CME Group Inc has permanently banned three traders who admitted to violations including the manipulative strategy known as spoofing, according to disciplinary notices issued on Monday.
A permanent ban is a severe punishment that CME, which owns the New York Mercantile Exchange, Comex and other markets, does not often impose on traders who break the rules. The exchange operator more commonly uses fines and trading suspensions to discipline rule breakers.
On multiple occasions from February to April 2013, a trader named Nitin Gupta repeatedly entered large orders for crude oil, gold, silver and copper futures contracts without the intent to trade, according to CME.
Nitin entered the orders to encourage others to trade opposite smaller orders that he had resting in the markets, the company said.

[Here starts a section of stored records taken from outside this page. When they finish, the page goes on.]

Variables (n : nat) (d : nat -> R -> R) (g : R).
Hypothesis d_Ck : Ck_global n d.
Hypothesis g_pos : 0 < g.

Lemma avg_tower_dx (k j : nat) (x t : R) : (j < n)%nat ->
  is_derive (fun y => avg g k (d j) y t) x (avg g k (d (S j)) x t).
Proof.
  intros Hj. apply avg_dx; [exact g_pos | intros; now apply d_Ck | intros; apply d_Ck; lia].
Qed.

Lemma avg_tower_dt (k j : nat) (x t : R) : (j < n)%nat ->
  is_derive (fun s => avg g k (d j) x s) t (2 * t ^ 2 * avg g (S k) (d (S j)) x t).
Proof.
  intros Hj. apply avg_dt; [exact g_pos | intros; now apply d_Ck | intros; apply d_Ck; lia].
Qed.

Lemma avg_tower_continuous (k j : nat) (x t : R) : (j <= n)%nat ->
  continuity_2d_pt (avg g k (d j)) x t.
Proof. intros Hj. apply avg_continuous; [exact g_pos | intros; now apply d_Ck]. Qed.

Lemma avg_tower_ibp (j : nat) (x t : R) : (j < n)%nat ->
  avg g 1 (d j) x t
  = spread t / (2 + 2 * g) * (avg g 0 (d (S j)) x t - avg g 2 (d (S j)) x t).
Proof.
  intros Hj. apply avg_ibp; [exact g_pos | intros; now apply d_Ck | intros; apply d_Ck; lia].
Qed.

End Towers.

Section Solution.

Variables v0 v1 : nat -> R -> R.
Hypothesis v0_C4 : Ck_global 4 v0.
Hypothesis v1_C3 : Ck_global 3 v1.

(* Normalised so that at t = 0 the potential below equals mass (1/6) * coef0 0 = -u0/2 and
   u_t / t equals 2 * mass (5/6) * coef1 0 = u1. *)
Definition coef0 (j : nat) (z : R) : R := - / (2 * mass (1/6)) * v0 j z.
Definition coef1 (j : nat) (z : R) : R := / (2 * mass (5/6)) * v1 j z.

Lemma coef0_C4 : Ck_global 4 coef0.
Proof. exact (Ck_global_scal 4 _ v0 v0_C4). Qed.

Lemma coef1_C3 : Ck_global 3 coef1.
Proof. exact (Ck_global_scal 3 _ v1 v1_C3). Qed.

(* [pot j] is the j-th x-derivative of the potential u, [pot_t j] its t-derivative, and
   [vel j] the j-th x-derivative of u_t / t, in a form that is regular at t = 0. *)
Definition pot (j : nat) (x t : R) : R :=
  avg (1/6) 0 (coef0 j) x t + 1/2 * t ^ 3 * avg (1/6) 1 (coef0 (S j)) x t
  + t ^ 2 * avg (5/6) 0 (coef1 j) x t + 1/4 * t ^ 5 * avg (5/6) 1 (coef1 (S j)) x t.

Definition pot_t (j : nat) (x t : R) : R :=
  7/2 * t ^ 2 * avg (1/6) 1 (coef0 (S j)) x t + t ^ 5 * avg (1/6) 2 (coef0 (S (S j))) x t
  + 2 * t * avg (5/6) 0 (coef1 j) x t + 13/4 * t ^ 4 * avg (5/6) 1 (coef1 (S j)) x t
  + 1/2 * t ^ 7 * avg (5/6) 2 (coef1 (S (S j))) x t.

Definition vel (j : nat) (x t : R) : R :=
  t ^ 4 * avg (1/6) 0 (coef0 (S (S j))) x t + 2 * avg (5/6) 0 (coef1 j) x t
  + 1/2 * t ^ 3 * avg (5/6) 1 (coef1 (S j)) x t
  + 1/2 * t ^ 6 * avg (5/6) 0 (coef1 (S (S j))) x t.

Definition vel_t (x t : R) : R :=
  4 * t ^ 3 * avg (1/6) 0 (coef0 2) x t + 2 * t ^ 6 * avg (1/6) 1 (coef0 3) x t
  + 11/2 * t ^ 2 * avg (5/6) 1 (coef1 1) x t + t ^ 5 * avg (5/6) 2 (coef1 2) x t
  + 3 * t ^ 5 * avg (5/6) 0 (coef1 2) x t + t ^ 8 * avg (5/6) 1 (coef1 3) x t.

Ltac derive_avg :=
  match goal with
  | |- is_derive (fun y => avg ?g _ (coef0 _) y _) _ _ =>
      apply (avg_tower_dx 4 coef0 g coef0_C4); [lra | lia]
  | |- is_derive (fun y => avg ?g _ (coef1 _) y _) _ _ =>
      apply (avg_tower_dx 3 coef1 g coef1_C3); [lra | lia]
  | |- is_derive (fun s => avg ?g _ (coef0 _) _ s) _ _ =>
      apply (avg_tower_dt 4 coef0 g coef0_C4); [lra | lia]
  | |- is_derive (fun s => avg ?g _ (coef1 _) _ s) _ _ =>
      apply (avg_tower_dt 3 coef1 g coef1_C3); [lra | lia]
  end.

Ltac continuity_avg :=
  match goal with
  | |- continuity_2d_pt (fun x t => avg ?g _ (coef0 _) x t) _ _ =>
      apply (avg_tower_continuous 4 coef0 g coef0_C4); [lra | lia]
  | |- continuity_2d_pt (fun x t => avg ?g _ (coef1 _) x t) _ _ =>
      apply (avg_tower_continuous 3 coef1 g coef1_C3); [lra | lia]
  end.

Lemma pot_dx (j : nat) (x t : R) : (j <= 1)%nat ->
  is_derive (fun y => pot j y t) x (pot (S j) x t).
Proof.
  intros Hj. unfold pot. eapply is_derive_eq.
  - repeat (derive_step || derive_avg).
  - simpl_derive_value. field.
Qed.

After receiving a fill on his smaller orders, Nitin would then cancel the large orders, CME said.
Such moves are commonly called spoofing, a strategy in which a trader tries to create a false appearance of market interest by placing orders and then immediately canceling them.

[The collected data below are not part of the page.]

Inductive aval : Type :=
| aB : nat -> aval
| aF : ident -> aval
| aLam : acomp -> aval
| aUnit : aval
with acomp : Type :=
| aApp : aval -> aval -> acomp
| aLet : acomp -> acomp -> acomp   (* let x <= M in N ; N binds index 0 *)
| aRet : aval -> acomp
| aSpawn : acomp -> acomp
| aSend : aval -> aval -> acomp
| aReceive : acomp
| aSelf : acomp.

Fixpoint aopen_v (k : nat) (u : aval) (V : aval) : aval :=
  match V with
  | aB n => if Nat.eqb n k then u else aB n
  | aF a => aF a
  | aLam M => aLam (aopen_c (S k) u M)
  | aUnit => aUnit
  end
with aopen_c (k : nat) (u : aval) (M : acomp) : acomp :=
  match M with
  | aApp V W => aApp (aopen_v k u V) (aopen_v k u W)
  | aLet M N => aLet (aopen_c k u M) (aopen_c (S k) u N)
  | aRet V => aRet (aopen_v k u V)
  | aSpawn M => aSpawn (aopen_c k u M)
  | aSend V W => aSend (aopen_v k u V) (aopen_v k u W)
  | aReceive => aReceive
  | aSelf => aSelf
  end.

Definition actx := list (ident * aty).

Inductive avtyp : actx -> aval -> aty -> Prop :=
| avt_id : forall G a A, lookup G a = Some A -> avtyp G (aF a) A
| avt_lam : forall G M A C B,
    (forall x, ~ In (Var x) (dom G) ->
       actyp ((Var x, A) :: G) C (aopen_c 0 (aF (Var x)) M) B) ->
    avtyp G (aLam M) (AFun A C B)
| avt_unit : forall G, avtyp G aUnit AUnit
with actyp : actx -> aty -> acomp -> aty -> Prop :=
| act_app : forall G C V W A B,
    avtyp G V (AFun A C B) -> avtyp G W A -> actyp G C (aApp V W) B
| act_let : forall G C M N A B,
    actyp G C M A ->
    (forall x, ~ In (Var x) (dom G) ->
       actyp ((Var x, A) :: G) C (aopen_c 0 (aF (Var x)) N) B) ->
    actyp G C (aLet M N) B
| act_ret : forall G C V A, avtyp G V A -> actyp G C (aRet V) A
| act_send : forall G C V W A,
    avtyp G V A -> avtyp G W (ARef A) -> actyp G C (aSend V W) AUnit
| act_receive : forall G A, actyp G A aReceive A
| act_spawn : forall G C M A,
    actyp G A M AUnit -> actyp G C (aSpawn M) (ARef A)
| act_self : forall G A, actyp G A aSelf (ARef A).

Inductive cty : Type :=
| CUnit : cty
| CFun : cty -> cty -> cty
| CChan : cty -> cty.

CME fined Gupta a total of $150,000 in addition to imposing a ban.
The exchange operator separately fined a trader named Libin Zhou $100,000 and imposed a trading ban. Libin improperly bought and sold crude oil futures opposite an account owned by his employer on 48 occasions between May and June 2013, according to CME.

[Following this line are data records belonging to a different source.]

Lemma expn_prime_eq1_mod k : k ^ p = 1 %[mod 2 * p] -> k = 1 %[mod 2 * p].
Proof.
move/eqP; rewrite !chinese_remainder ?coprime2p // => /andP[/eqP k2 /eqP kp].
apply/eqP; rewrite chinese_remainder ?coprime2p //; apply/andP; split; apply/eqP.
  by move: k2; rewrite !modn2 oddX gtn_eqF ?prime_gt0.
by rewrite -(fermat_little k p_pr).
Qed.

Lemma dvdn_sqrn_sub1 k : 2 * p ^ 2 %| k ^ 2 - 1 ->
  (2 * p ^ 2 %| k - 1) \/ (2 * p ^ 2 %| k.+1).
Proof.
have [-> | k_gt0] := posnP k; first by left.
rewrite (_ : k ^ 2 - 1 = (k - 1) * k.+1); last by nia.
move=> dvd_n.
have /negP : ~~ odd ((k - 1) * k.+1).
  by rewrite -dvdn2 (dvdn_trans _ dvd_n) // dvdn_mulr.
have two_dvd c : ~~ odd c -> p ^ 2 %| c -> 2 * p ^ 2 %| c.
  by move=> c_even p2c; rewrite Gauss_dvd ?coprimeXr ?coprime2p // dvdn2 c_even.
rewrite oddM oddB // oddS /=; case: (boolP (odd k)) => //= k_odd _.
have [cop | cop] : coprime p (k - 1) \/ coprime p k.+1.
  rewrite !prime_coprime //; apply/orP; rewrite -negb_and; apply/negP.
  case/andP=> pk1 pk2; have := dvdn_sub pk2 pk1.
  rewrite (_ : k.+1 - (k - 1) = 2); last by lia.
  by move/dvdn_leq => /(_ isT); rewrite leqNgt prime_odd_gt2.
- right; apply: two_dvd; first by rewrite /= k_odd.
  by rewrite -(Gauss_dvdr _ (coprimeXl 2 cop)) (dvdn_trans (dvdn_mull 2 (dvdnn _)) dvd_n).
- left; apply: two_dvd; first by rewrite oddB // k_odd.
  by rewrite -(Gauss_dvdl _ (coprimeXl 2 cop)) (dvdn_trans (dvdn_mull 2 (dvdnn _)) dvd_n).
Qed.

End Arithmetic.

Local Open Scope group_scope.

Lemma expg_odd (T : finGroupType) (x : T) m : odd m -> x ^+ 2 = 1 -> x ^+ m = x.
Proof. by move=> m_odd x2; rewrite -(expg_mod _ x2) modn2 m_odd expg1. Qed.

Section HolAlgebra.
Variable gT : finGroupType.
Implicit Types (x y z : gT) (phi psi : {perm gT}).
Local Notation AutN := (Aut [set: gT]).

Lemma hol_eltE x phi z : hol_elt x phi z = x * phi z.
Proof. by rewrite permE. Qed.

Lemma autTM phi : phi \in AutN -> {morph phi : y z / y * z}.
Proof. by move/Aut_morphic/morphicP=> phiM y z; apply: phiM; rewrite inE. Qed.

Lemma autT1 phi : phi \in AutN -> phi 1 = 1.
Proof. by move=> Aphi; apply: (mulgI (phi 1)); rewrite mulg1 -autTM ?mulg1. Qed.

Lemma autTX phi z m : phi \in AutN -> phi (z ^+ m) = phi z ^+ m.
Proof. by move=> Aphi; elim: m => [|m IHm]; rewrite ?autT1 // !expgS autTM // IHm. Qed.

Lemma perm_powerX phi k : (forall z, phi z = z ^+ k) ->
  forall e z, (phi ^+ e) z = z ^+ (k ^ e).
Proof.
move=> phiE; elim=> [|e IHe] z; first by rewrite expg0 perm1 expn0 expg1.
by rewrite expgSr permM IHe phiE -expgM expnSr.
Qed.

Lemma hol_elt1 x phi : phi \in AutN -> hol_elt x phi 1 = x.
Proof. by move=> Aphi; rewrite hol_eltE autT1 ?mulg1. Qed.

Lemma hol_elt11 : hol_elt 1 1 = 1 :> {perm gT}.
Proof. by apply/permP => z; rewrite hol_eltE !perm1 mul1g. Qed.

Lemma hol_elt_inj x y phi psi : phi \in AutN -> psi \in AutN ->
  hol_elt x phi = hol_elt y psi -> x = y /\ phi = psi.
Proof.
move=> Aphi Apsi Exy; have exy : x = y by rewrite -(hol_elt1 x Aphi) Exy hol_elt1.
split=> //; apply/permP => z; move/permP/(_ z): Exy; rewrite !hol_eltE exy.
exact: mulgI.
Qed.

Lemma hol_elt_eq1 x phi : phi \in AutN ->
  (hol_elt x phi == 1) = (x == 1) && (phi == 1).
Proof.
move=> Aphi; apply/eqP/andP => [E | [/eqP-> /eqP->]]; last exact: hol_elt11.
by have [-> ->] := hol_elt_inj Aphi (group1 _) (etrans E (esym hol_elt11)).
Qed.

Lemma hol_eltM x y phi psi : psi \in AutN ->
  hol_elt x phi * hol_elt y psi = hol_elt (y * psi x) (phi * psi).
Proof. by move=> Apsi; apply/permP => z; rewrite permM !hol_eltE permM autTM // mulgA. Qed.

Lemma hol_eltX x phi m : phi \in AutN ->
  hol_elt x phi ^+ m = hol_elt ((hol_elt x phi ^+ m) 1) (phi ^+ m).
Proof.
move=> Aphi; suff [y ->] : exists y, hol_elt x phi ^+ m = hol_elt y (phi ^+ m).
  by rewrite hol_elt1 // groupX.
elim: m => [|m [y IHm]]; first by exists 1; rewrite !expg0 hol_elt11.
by exists (x * phi y); rewrite expgSr IHm hol_eltM // expgSr.
Qed.

Lemma hol_transX x m : hol_elt x 1 ^+ m = hol_elt (x ^+ m) 1.
Proof.
elim: m => [|m IHm]; first by rewrite !expg0 hol_elt11.
by rewrite expgSr IHm hol_eltM ?group1 // perm1 mulg1 -expgS.
Qed.

Lemma order_hol_trans x : #[hol_elt x 1] = #[x].
Proof.
have transX_eq1 m : (hol_elt x 1 ^+ m == 1) = (x ^+ m == 1).
  by rewrite hol_transX hol_elt_eq1 ?group1 // eqxx andbT.
apply/eqP; rewrite eqn_dvd !order_dvdn transX_eq1 expg_order -transX_eq1.
by rewrite expg_order !eqxx.
Qed.

Lemma HolP h : h \in Hol gT -> exists2 phi, phi \in AutN & h = hol_elt (h 1) phi.
Proof. by case/imset2P=> x phi _ Aphi ->; exists phi; rewrite ?hol_elt1. Qed.

Lemma hol_elt_expg_card (H : {group {perm gT}}) x phi : phi \in AutN ->
  hol_elt x phi \in H -> phi ^+ #|H| = 1.
Proof.
move=> Aphi Hh; have /eqP := expg_cardG Hh.
by rewrite hol_eltX // hol_elt_eq1 ?groupX // => /andP[_ /eqP].
Qed.

Lemma hol_eltX1_shear x y phi m : phi \in AutN -> commute x y ->
  phi x = x * y -> phi y = y -> (hol_elt x phi ^+ m) 1 = x ^+ m * y ^+ 'C(m, 2).
Proof.
move=> Aphi cxy phix phiy; elim: m => [|m IHm]; first by rewrite !expg0 perm1 mulg1.
rewrite expgSr permM IHm hol_eltE autTM // !autTX // phix phiy expgMn //.
by rewrite binS bin1 addnC expgD expgS !mulgA.
Qed.

Section Abelian.
Hypothesis abN : abelian [set: gT].

Lemma commT x y : commute x y.
Proof. by apply: (centsP abN); rewrite inE. Qed.

Lemma inv_perm_Aut : inv_perm gT \in AutN.
Proof.
rewrite inE; apply/andP; split; first by apply/subsetP => z; rewrite inE.
by apply/morphicP => y z _ _; rewrite !permE invMg commT.
Qed.

Lemma inv_perm_invol : inv_perm gT * inv_perm gT = 1.
Proof. by apply/permP => z; rewrite permM !permE invgK. Qed.

Lemma order_hol_inv x : x != 1 -> #[hol_elt x (inv_perm gT)] = 2.
Proof.
move=> nt_x; apply: nt_prime_order => //.
  by rewrite expgS expg1 hol_eltM ?inv_perm_Aut // inv_perm_invol permE mulgV hol_elt11.
by rewrite hol_elt_eq1 ?inv_perm_Aut // negb_and nt_x.
Qed.

End Abelian.

Section Regular.
Implicit Type H : {group {perm gT}}.

Lemma card_regular H : regular H -> #|H| = #|[set: gT]|.
Proof. by case=> trH stabH; rewrite -(atransP trH 1 (in_setT _)) card_orbit stabH indexg1. Qed.

Lemma regular_fix H h z : regular H -> h \in H -> h z = z -> h = 1.
Proof.
case=> _ /(_ z) stabH Hh hz; have : h \in 'C_H[z | 'P] by rewrite inE Hh; apply/astab1P.
by rewrite stabH => /set1gP.
Qed.

Lemma regular_eq_at H h1 h2 z : regular H -> h1 \in H -> h2 \in H ->
  h1 z = h2 z -> h1 = h2.
Proof.
move=> regH Hh1 Hh2 E; apply/eqP; rewrite eq_mulgV1; apply/eqP.
by apply: (regular_fix (z := z)) regH _ _; rewrite ?groupM ?groupV // permM E permK.
Qed.

Lemma regular_exists_at H w z : regular H -> exists2 h, h \in H & h w = z.
Proof.
case=> trH _; have : z \in orbit 'P H w by rewrite (atransP trH w (in_setT _)) inE.
by case/orbitP=> h Hh <-; exists h.
Qed.

Lemma regular_stab1 H : #|H| = #|[set: gT]| -> 'C_H[1 | 'P] = 1 -> regular H.
Proof.
move=> cardH stab1.
have trH : [transitive H, on [set: gT] | 'P].
  apply/imsetP; exists 1; rewrite ?inE //; apply/eqP.
  by rewrite eq_sym eqEcard subsetT card_orbit stab1 indexg1 cardH /=.
split=> // z; apply/eqP; rewrite trivg_card1.
have idx : #|H : 'C_H[z | 'P]| = #|H|.
  by rewrite -card_orbit (atransP trH z (in_setT _)) cardH.
have := Lagrange (subsetIl H 'C[z | 'P]); rewrite idx -{2}(mul1n #|H|).
by move/eqP; rewrite eqn_pmul2r ?cardG_gt0.
Qed.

In another violation, a trader named Rajasekaran Veeramuthu and a colleague in 2012 improperly entered a series of trades in silver options between accounts with the same beneficial owner. The practice of acting as buyer and seller in the same transactions is known as wash trading.
CME fined Veeramuthu $50,000 in addition to imposing a ban.
None of the traders could immediately be reached for comment.
The three traders were "deemed to have admitted the charges issued," according to CME. On Sept. 9, CME panels found they had committed the violations.
None of the traders were CME members, according to the company.
The practice of spoofing is under scrutiny after the U.S. Justice Department and Commodity Futures Trading Commission earlier this year accused London-based trader Navinder Sarao of using spoofing tactics at CME that ultimately contributed to the 2010 Wall Street "flash crash."
Sarao has since been indicted and is fighting efforts by the United States to have him extradited to face trial.